You expect us to prepare: build our CV, polish our LinkedIn, solve take-homes, pass technical rounds, and show up sharp at every stage.
We expect you to show up too: send a follow-up, give a reason, own the decision, and close the loop.
Hiring isn’t easy. We know that. But that’s exactly why every person involved, HR, recruiter, hiring manager , needs to meet the same professional standard they expect from us.
Respect goes both ways. Process goes both ways. So should the effort.
Lastly: Rejection is redirection. yes, but let’s talk honestly.
“Inget ya, rejection is redirection ✨ :)”
I agree. Rejection can be redirection. Especially if it saves us from ending up in a toxic environment.
Because let’s be real: in some companies ( especially in STEAM ) discrimination still happens. Not just quietly. Openly. Whether it’s based on gender, appearance, personality type, or even weird physical traits like face shape or hand size.
In that kind of environment, rejection is better than fake inclusion. Better than being hired only to be pushed out during probation, or sidelined because you don’t “look the part.”
But here’s the thing: that doesn’t make it okay.

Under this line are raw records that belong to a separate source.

(* Let $m\ge 2$, $d_1,\dots,d_m\ge 2$, and let $\rho$ be a density matrix on $\mathbb{C}^{d_1}\otimes\cdots\otimes\mathbb{C}^{d_m}$. For each $i=1,\dots,m$ let $\mathcal{P}^{(i)}=\{P^{(i)}_j\}_{j=1}^{d_i^2}$ be a general SIC-POVM on $\mathbb{C}^{d_i}$ with parameter $a_i$. Let $d=\min\{d_1^2,\dots,d_m^2\}$ and define $$J(\rho)=\max_{\sigma_1,\dots,\sigma_m}\sum_{j=1}^{d}\mathrm{Tr}\Big[\Big(\bigotimes_{i=1}^m P^{(i)}_{\sigma_i(j)}\Big)\rho\Big],$$ where the maximum runs over all tuples of injective maps $\sigma_i:\{1,\dots,d\}\to\{1,\dots,d_i^2\}$, $i=1,\dots,m$. If $\rho$ is fully separable, then $$J(\rho)\le \frac1m\sum_{i=1}^m\frac{a_id_i^2+1}{d_i(d_i+1)}.$$
   Context: A general SIC-POVM on $\mathbb{C}^{n}$ with parameter $a$ is a set of $n^2$ positive semidefinite operators $\{P_\alpha\}_{\alpha=1}^{n^2}$ on $\mathbb{C}^{n}$ such that $\sum_{\alpha=1}^{n^2}P_\alpha=I$, $\mathrm{Tr}(P_\alpha^2)=a$ for all $\alpha$, and $\mathrm{Tr}(P_\alpha P_\beta)=\frac{1-na}{n(n^2-1)}$ for all $\alpha\neq\beta$; here $\frac{1}{n^3}<a\le\frac{1}{n^2}$. A density matrix on $\mathbb{C}^{d_1}\otimes\cdots\otimes\mathbb{C}^{d_m}$ is fully separable if it is a convex combination of product states $\rho_1\otimes\cdots\otimes\rho_m$. *)

(* The complex field is modelled by an arbitrary
   numClosedFieldType C (e.g. algC); operators on a finite-dimensional Hilbert
   space with orthonormal basis indexed by a finType T are functions T -> T -> C. *)
From HB Require Import structures.
From mathcomp Require Import all_boot all_order all_algebra all_field.
Set Implicit Arguments. Unset Strict Implicit. Unset Printing Implicit Defensive.
Import Order.TTheory GRing.Theory Num.Theory.
Local Open Scope ring_scope.

Definition op (C : numClosedFieldType) (T : finType) := T -> T -> C.

Definition tr (C : numClosedFieldType) (T : finType) (A : op C T) : C := \sum_(x : T) A x x.

Definition mulop (C : numClosedFieldType) (T : finType) (A B : op C T) : op C T :=
  fun x y => \sum_(z : T) A x z * B z y.

Definition psd (C : numClosedFieldType) (T : finType) (A : op C T) : Prop :=
  forall v : T -> C, 0 <= \sum_(x : T) \sum_(y : T) (v x)^* * A x y * v y.

Definition density (C : numClosedFieldType) (T : finType) (A : op C T) : Prop := psd A /\ tr A = 1.

Definition gen_sic (C : numClosedFieldType) (n : nat) (a : C) (P : 'I_(n ^ 2) -> op C 'I_n) : Prop :=
  [/\ forall al, psd (P al),
      forall x y : 'I_n, \sum_(al < n ^ 2) P al x y = (x == y)%:R,
      forall al, tr (mulop (P al) (P al)) = a,
      forall al be, al != be ->
        tr (mulop (P al) (P be)) = (1 - n%:R * a) / (n%:R * ((n ^ 2)%N%:R - 1)) &
      ((n ^ 3)%N%:R)^-1 < a /\ a <= ((n ^ 2)%N%:R)^-1].

(* index type of the multipartite space C^{d_0} (x) ... (x) C^{d_{m-1}} *)
Definition mindex (m : nat) (d : 'I_m -> nat) : finType :=
  {dffun forall i : 'I_m, 'I_(d i)}.

Definition tensor (C : numClosedFieldType) (m : nat) (d : 'I_m -> nat) (A : forall i : 'I_m, op C 'I_(d i))
  : op C (mindex d) :=
  fun x y => \prod_(i < m) A i (x i) (y i).

Definition fully_separable (C : numClosedFieldType) (m : nat) (d : 'I_m -> nat) (rho : op C (mindex d)) : Prop :=
  exists (K : nat) (p : 'I_K -> C) (r : 'I_K -> forall i : 'I_m, op C 'I_(d i)),
    [/\ forall k, 0 <= p k,
        \sum_(k < K) p k = 1,
        forall k i, density (r k i) &
        forall x y, rho x y = \sum_(k < K) p k * tensor (r k) x y].

(* d = min_i d_i^2  (the initial value \max_i d_i^2 makes this the minimum for m >= 1) *)
Definition dmin (m : nat) (d : 'I_m -> nat) : nat :=
  \big[minn/(\max_(i < m) (d i ^ 2))%N]_(i < m) (d i ^ 2)%N.

(* A separable state is a convex combination of product states and the bound
   is affine in ρ, so it suffices to treat ρ = ρ_1 ⊗ ... ⊗ ρ_m.  Then each
   summand factors as ∏_i t_i with t_i = Tr[P_i ρ_i] ∈ [0, 1], and for m ≥ 2
   AM-GM gives ∏_i t_i ≤ (1/m) Σ_i t_i^2.  Enlarging each injectively indexed
   sum to the whole POVM reduces the claim to the single-party bound
   Σ_α Tr[P_α ρ]^2 ≤ (a n^2 + 1)/(n(n+1)).  That bound follows from Tr ρ^2 ≤ 1
   and the nonnegativity of the Hilbert–Schmidt norm of Y - c ρ - e I, where
   Y = Σ_α Tr[P_α ρ] P_α and c = a - b > 0 is the gap between the diagonal
   and off-diagonal entries a, b of the Gram matrix Tr[P_α P_β]. *)
From HB Require Import structures.
From mathcomp Require Import all_boot all_order all_algebra all_field ring zify.
Set Implicit Arguments. Unset Strict Implicit. Unset Printing Implicit Defensive.
Import Order.TTheory GRing.Theory Num.Theory.
Local Open Scope ring_scope.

Just because rejection protects us from a bad system, doesn’t mean we should accept the system as normal. The standard should be meritocracy. Skills. Work ethic. Not whether you’re tall enough or have the “right” energy.
Normalizing this behavior signals that the hiring process isn’t about capability, it’s about bias. That’s not how we build strong teams. That’s not how we grow inclusive, high-performing companies.
So yes , rejection is redirection. But that only matters if we’re all moving in the right direction: toward better hiring, honest feedback, and real professionalism. Not surface-level quotes with zero change behind them.
Share, but don’t normalize.
Thanks for sharing the insight. Stories like this matter, because they show what’s really happening behind the scenes. But we have to draw a clear line: sharing is not the same as normalizing.
If something isn’t professional, say it. If something breaks meritocracy, call it out.
Recruitment should be based on skill, not superstition. Decisions should reflect capability, not bias. And above all, every person involved (HR, hiring manager, recruiter)should hold the line on professionalism.
If you know a good candidate , someone you’ve worked with, someone whose performance you’ve seen firsthand, lift them up. Recommend them. Speak up not because of how they look or some vague "energy," but because you know how they work. That’s how meritocracy is built: on real experience, not mystic filters.
Keep sharing. Keep telling the truth. But let’s stop accepting bad practices as “just how it is.” Let’s raise the bar, because if we all do our part, we all move better.